Your objective
Nothing in the data should be left out or altered when it is retyped.
== == ==
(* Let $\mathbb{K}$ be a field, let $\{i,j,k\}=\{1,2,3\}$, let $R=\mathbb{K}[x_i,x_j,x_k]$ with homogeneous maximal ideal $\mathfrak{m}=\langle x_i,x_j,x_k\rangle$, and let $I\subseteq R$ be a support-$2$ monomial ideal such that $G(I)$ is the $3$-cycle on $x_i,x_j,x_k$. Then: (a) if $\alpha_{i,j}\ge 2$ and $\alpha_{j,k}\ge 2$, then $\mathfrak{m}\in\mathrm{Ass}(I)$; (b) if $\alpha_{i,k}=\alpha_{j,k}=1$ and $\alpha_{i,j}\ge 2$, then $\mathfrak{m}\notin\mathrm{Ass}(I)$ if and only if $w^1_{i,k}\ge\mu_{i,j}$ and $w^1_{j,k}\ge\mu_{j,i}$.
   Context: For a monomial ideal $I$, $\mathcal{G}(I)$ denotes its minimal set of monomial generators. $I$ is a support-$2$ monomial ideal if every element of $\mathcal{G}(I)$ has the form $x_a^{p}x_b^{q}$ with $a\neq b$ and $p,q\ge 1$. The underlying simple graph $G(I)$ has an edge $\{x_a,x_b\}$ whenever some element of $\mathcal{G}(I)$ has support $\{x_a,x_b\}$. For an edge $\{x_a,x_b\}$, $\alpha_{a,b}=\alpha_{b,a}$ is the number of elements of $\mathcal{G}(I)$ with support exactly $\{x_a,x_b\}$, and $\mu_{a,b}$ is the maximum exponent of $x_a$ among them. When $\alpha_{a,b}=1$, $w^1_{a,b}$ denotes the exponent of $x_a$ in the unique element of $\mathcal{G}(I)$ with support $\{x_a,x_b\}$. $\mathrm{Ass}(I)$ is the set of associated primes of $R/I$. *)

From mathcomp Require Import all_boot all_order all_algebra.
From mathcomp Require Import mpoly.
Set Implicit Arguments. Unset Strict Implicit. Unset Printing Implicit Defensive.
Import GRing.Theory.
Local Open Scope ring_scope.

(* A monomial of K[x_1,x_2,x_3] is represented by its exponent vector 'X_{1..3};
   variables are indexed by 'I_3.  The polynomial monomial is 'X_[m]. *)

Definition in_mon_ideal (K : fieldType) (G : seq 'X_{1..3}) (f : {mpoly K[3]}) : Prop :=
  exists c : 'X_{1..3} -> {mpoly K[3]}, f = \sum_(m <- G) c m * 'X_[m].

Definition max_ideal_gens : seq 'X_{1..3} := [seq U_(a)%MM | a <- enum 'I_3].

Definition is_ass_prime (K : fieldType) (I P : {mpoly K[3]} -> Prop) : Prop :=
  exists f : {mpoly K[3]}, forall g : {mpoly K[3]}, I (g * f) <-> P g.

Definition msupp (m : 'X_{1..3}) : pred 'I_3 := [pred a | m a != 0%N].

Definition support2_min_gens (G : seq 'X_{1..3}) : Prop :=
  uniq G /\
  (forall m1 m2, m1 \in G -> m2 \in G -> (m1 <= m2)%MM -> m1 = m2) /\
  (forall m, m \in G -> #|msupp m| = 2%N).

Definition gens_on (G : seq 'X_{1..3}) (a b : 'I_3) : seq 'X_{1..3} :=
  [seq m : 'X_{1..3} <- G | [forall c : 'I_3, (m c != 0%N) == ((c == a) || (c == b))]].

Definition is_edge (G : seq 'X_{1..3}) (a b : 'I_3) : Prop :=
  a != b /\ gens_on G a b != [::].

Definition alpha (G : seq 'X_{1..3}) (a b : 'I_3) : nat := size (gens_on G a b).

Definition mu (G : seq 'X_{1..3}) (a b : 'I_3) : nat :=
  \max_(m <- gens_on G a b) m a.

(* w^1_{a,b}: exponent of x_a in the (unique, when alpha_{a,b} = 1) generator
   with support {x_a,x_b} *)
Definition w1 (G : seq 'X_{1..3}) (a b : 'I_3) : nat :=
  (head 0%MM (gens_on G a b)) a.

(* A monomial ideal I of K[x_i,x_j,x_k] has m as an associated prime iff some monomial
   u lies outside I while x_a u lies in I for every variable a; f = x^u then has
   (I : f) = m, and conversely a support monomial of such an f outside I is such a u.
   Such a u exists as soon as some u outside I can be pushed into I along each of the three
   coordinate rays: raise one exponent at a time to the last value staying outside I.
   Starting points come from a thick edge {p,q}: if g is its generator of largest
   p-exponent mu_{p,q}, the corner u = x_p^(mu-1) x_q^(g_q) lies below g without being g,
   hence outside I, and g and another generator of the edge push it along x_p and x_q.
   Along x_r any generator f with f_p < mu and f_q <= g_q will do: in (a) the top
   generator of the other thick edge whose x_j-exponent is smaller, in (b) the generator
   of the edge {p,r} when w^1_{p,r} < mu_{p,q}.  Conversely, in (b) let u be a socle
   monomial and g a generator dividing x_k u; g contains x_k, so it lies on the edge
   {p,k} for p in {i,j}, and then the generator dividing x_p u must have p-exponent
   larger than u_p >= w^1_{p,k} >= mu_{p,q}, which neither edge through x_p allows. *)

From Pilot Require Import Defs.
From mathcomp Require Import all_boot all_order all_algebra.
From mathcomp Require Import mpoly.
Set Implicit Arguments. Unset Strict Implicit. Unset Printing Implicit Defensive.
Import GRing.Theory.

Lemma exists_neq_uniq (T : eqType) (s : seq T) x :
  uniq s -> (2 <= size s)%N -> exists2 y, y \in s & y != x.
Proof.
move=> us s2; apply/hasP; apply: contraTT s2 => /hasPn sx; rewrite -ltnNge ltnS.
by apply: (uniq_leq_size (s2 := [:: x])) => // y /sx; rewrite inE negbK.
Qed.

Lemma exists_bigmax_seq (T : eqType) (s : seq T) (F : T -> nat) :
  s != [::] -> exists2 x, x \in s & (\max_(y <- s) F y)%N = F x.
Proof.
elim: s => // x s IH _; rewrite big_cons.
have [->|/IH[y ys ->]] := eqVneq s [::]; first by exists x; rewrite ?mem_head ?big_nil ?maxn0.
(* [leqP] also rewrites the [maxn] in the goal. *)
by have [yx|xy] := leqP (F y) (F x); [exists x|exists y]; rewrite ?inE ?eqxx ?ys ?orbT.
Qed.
== == ==
Answer box
(* Let $\mathbb{K}$ be a field, let $\{i,j,k\}=\{1,2,3\}$, let $R=\mathbb{K}[x_i,x_j,x_k]$ with homogeneous maximal ideal $\mathfrak{m}=\langle x_i,x_j,x_k\rangle$, and let $I\subseteq R$ be a support-$2$ monomial ideal such that $G(I)$ is the $3$-cycle on $x_i,x_j,x_k$. Then: (a) if $\alpha_{i,j}\ge 2$ and $\alpha_{j,k}\ge 2$, then $\mathfrak{m}\in\mathrm{Ass}(I)$; (b) if $\alpha_{i,k}=\alpha_{j,k}=1$ and $\alpha_{i,j}\ge 2$, then $\mathfrak{m}\notin\mathrm{Ass}(I)$ if and only if $w^1_{i,k}\ge\mu_{i,j}$ and $w^1_{j,k}\ge\mu_{j,i}$.
   Context: For a monomial ideal $I$, $\mathcal{G}(I)$ denotes its minimal set of monomial generators. $I$ is a support-$2$ monomial ideal if every element of $\mathcal{G}(I)$ has the form $x_a^{p}x_b^{q}$ with $a\neq b$ and $p,q\ge 1$. The underlying simple graph $G(I)$ has an edge $\{x_a,x_b\}$ whenever some element of $\mathcal{G}(I)$ has support $\{x_a,x_b\}$. For an edge $\{x_a,x_b\}$, $\alpha_{a,b}=\alpha_{b,a}$ is the number of elements of $\mathcal{G}(I)$ with support exactly $\{x_a,x_b\}$, and $\mu_{a,b}$ is the maximum exponent of $x_a$ among them. When $\alpha_{a,b}=1$, $w^1_{a,b}$ denotes the exponent of $x_a$ in the unique element of $\mathcal{G}(I)$ with support $\{x_a,x_b\}$. $\mathrm{Ass}(I)$ is the set of associated primes of $R/I$. *)

From mathcomp Require Import all_boot all_order all_algebra.
From mathcomp Require Import mpoly.
Set Implicit Arguments. Unset Strict Implicit. Unset Printing Implicit Defensive.
Import GRing.Theory.
Local Open Scope ring_scope.

(* A monomial of K[x_1,x_2,x_3] is represented by its exponent vector 'X_{1..3};
   variables are indexed by 'I_3.  The polynomial monomial is 'X_[m]. *)

Definition in_mon_ideal (K : fieldType) (G : seq 'X_{1..3}) (f : {mpoly K[3]}) : Prop :=
  exists c : 'X_{1..3} -> {mpoly K[3]}, f = \sum_(m <- G) c m * 'X_[m].

Definition max_ideal_gens : seq 'X_{1..3} := [seq U_(a)%MM | a <- enum 'I_3].

Definition is_ass_prime (K : fieldType) (I P : {mpoly K[3]} -> Prop) : Prop :=
  exists f : {mpoly K[3]}, forall g : {mpoly K[3]}, I (g * f) <-> P g.

Definition msupp (m : 'X_{1..3}) : pred 'I_3 := [pred a | m a != 0%N].

Definition support2_min_gens (G : seq 'X_{1..3}) : Prop :=
  uniq G /\
  (forall m1 m2, m1 \in G -> m2 \in G -> (m1 <= m2)%MM -> m1 = m2) /\
  (forall m, m \in G -> #|msupp m| = 2%N).

Definition gens_on (G : seq 'X_{1..3}) (a b : 'I_3) : seq 'X_{1..3} :=
  [seq m : 'X_{1..3} <- G | [forall c : 'I_3, (m c != 0%N) == ((c == a) || (c == b))]].

Definition is_edge (G : seq 'X_{1..3}) (a b : 'I_3) : Prop :=
  a != b /\ gens_on G a b != [::].

Definition alpha (G : seq 'X_{1..3}) (a b : 'I_3) : nat := size (gens_on G a b).

Definition mu (G : seq 'X_{1..3}) (a b : 'I_3) : nat :=
  \max_(m <- gens_on G a b) m a.

(* w^1_{a,b}: exponent of x_a in the (unique, when alpha_{a,b} = 1) generator
   with support {x_a,x_b} *)
Definition w1 (G : seq 'X_{1..3}) (a b : 'I_3) : nat :=
  (head 0%MM (gens_on G a b)) a.

(* A monomial ideal I of K[x_i,x_j,x_k] has m as an associated prime iff some monomial
   u lies outside I while x_a u lies in I for every variable a; f = x^u then has
   (I : f) = m, and conversely a support monomial of such an f outside I is such a u.
   Such a u exists as soon as some u outside I can be pushed into I along each of the three
   coordinate rays: raise one exponent at a time to the last value staying outside I.
   Starting points come from a thick edge {p,q}: if g is its generator of largest
   p-exponent mu_{p,q}, the corner u = x_p^(mu-1) x_q^(g_q) lies below g without being g,
   hence outside I, and g and another generator of the edge push it along x_p and x_q.
   Along x_r any generator f with f_p < mu and f_q <= g_q will do: in (a) the top
   generator of the other thick edge whose x_j-exponent is smaller, in (b) the generator
   of the edge {p,r} when w^1_{p,r} < mu_{p,q}.  Conversely, in (b) let u be a socle
   monomial and g a generator dividing x_k u; g contains x_k, so it lies on the edge
   {p,k} for p in {i,j}, and then the generator dividing x_p u must have p-exponent
   larger than u_p >= w^1_{p,k} >= mu_{p,q}, which neither edge through x_p allows. *)

From Pilot Require Import Defs.
From mathcomp Require Import all_boot all_order all_algebra.
From mathcomp Require Import mpoly.
Set Implicit Arguments. Unset Strict Implicit. Unset Printing Implicit Defensive.
Import GRing.Theory.

Lemma exists_neq_uniq (T : eqType) (s : seq T) x :
  uniq s -> (2 <= size s)%N -> exists2 y, y \in s & y != x.
Proof.
move=> us s2; apply/hasP; apply: contraTT s2 => /hasPn sx; rewrite -ltnNge ltnS.
by apply: (uniq_leq_size (s2 := [:: x])) => // y /sx; rewrite inE negbK.
Qed.

Lemma exists_bigmax_seq (T : eqType) (s : seq T) (F : T -> nat) :
  s != [::] -> exists2 x, x \in s & (\max_(y <- s) F y)%N = F x.
Proof.
elim: s => // x s IH _; rewrite big_cons.
have [->|/IH[y ys ->]] := eqVneq s [::]; first by exists x; rewrite ?mem_head ?big_nil ?maxn0.
(* [leqP] also rewrites the [maxn] in the goal. *)
by have [yx|xy] := leqP (F y) (F x); [exists x|exists y]; rewrite ?inE ?eqxx ?ys ?orbT.
Qed.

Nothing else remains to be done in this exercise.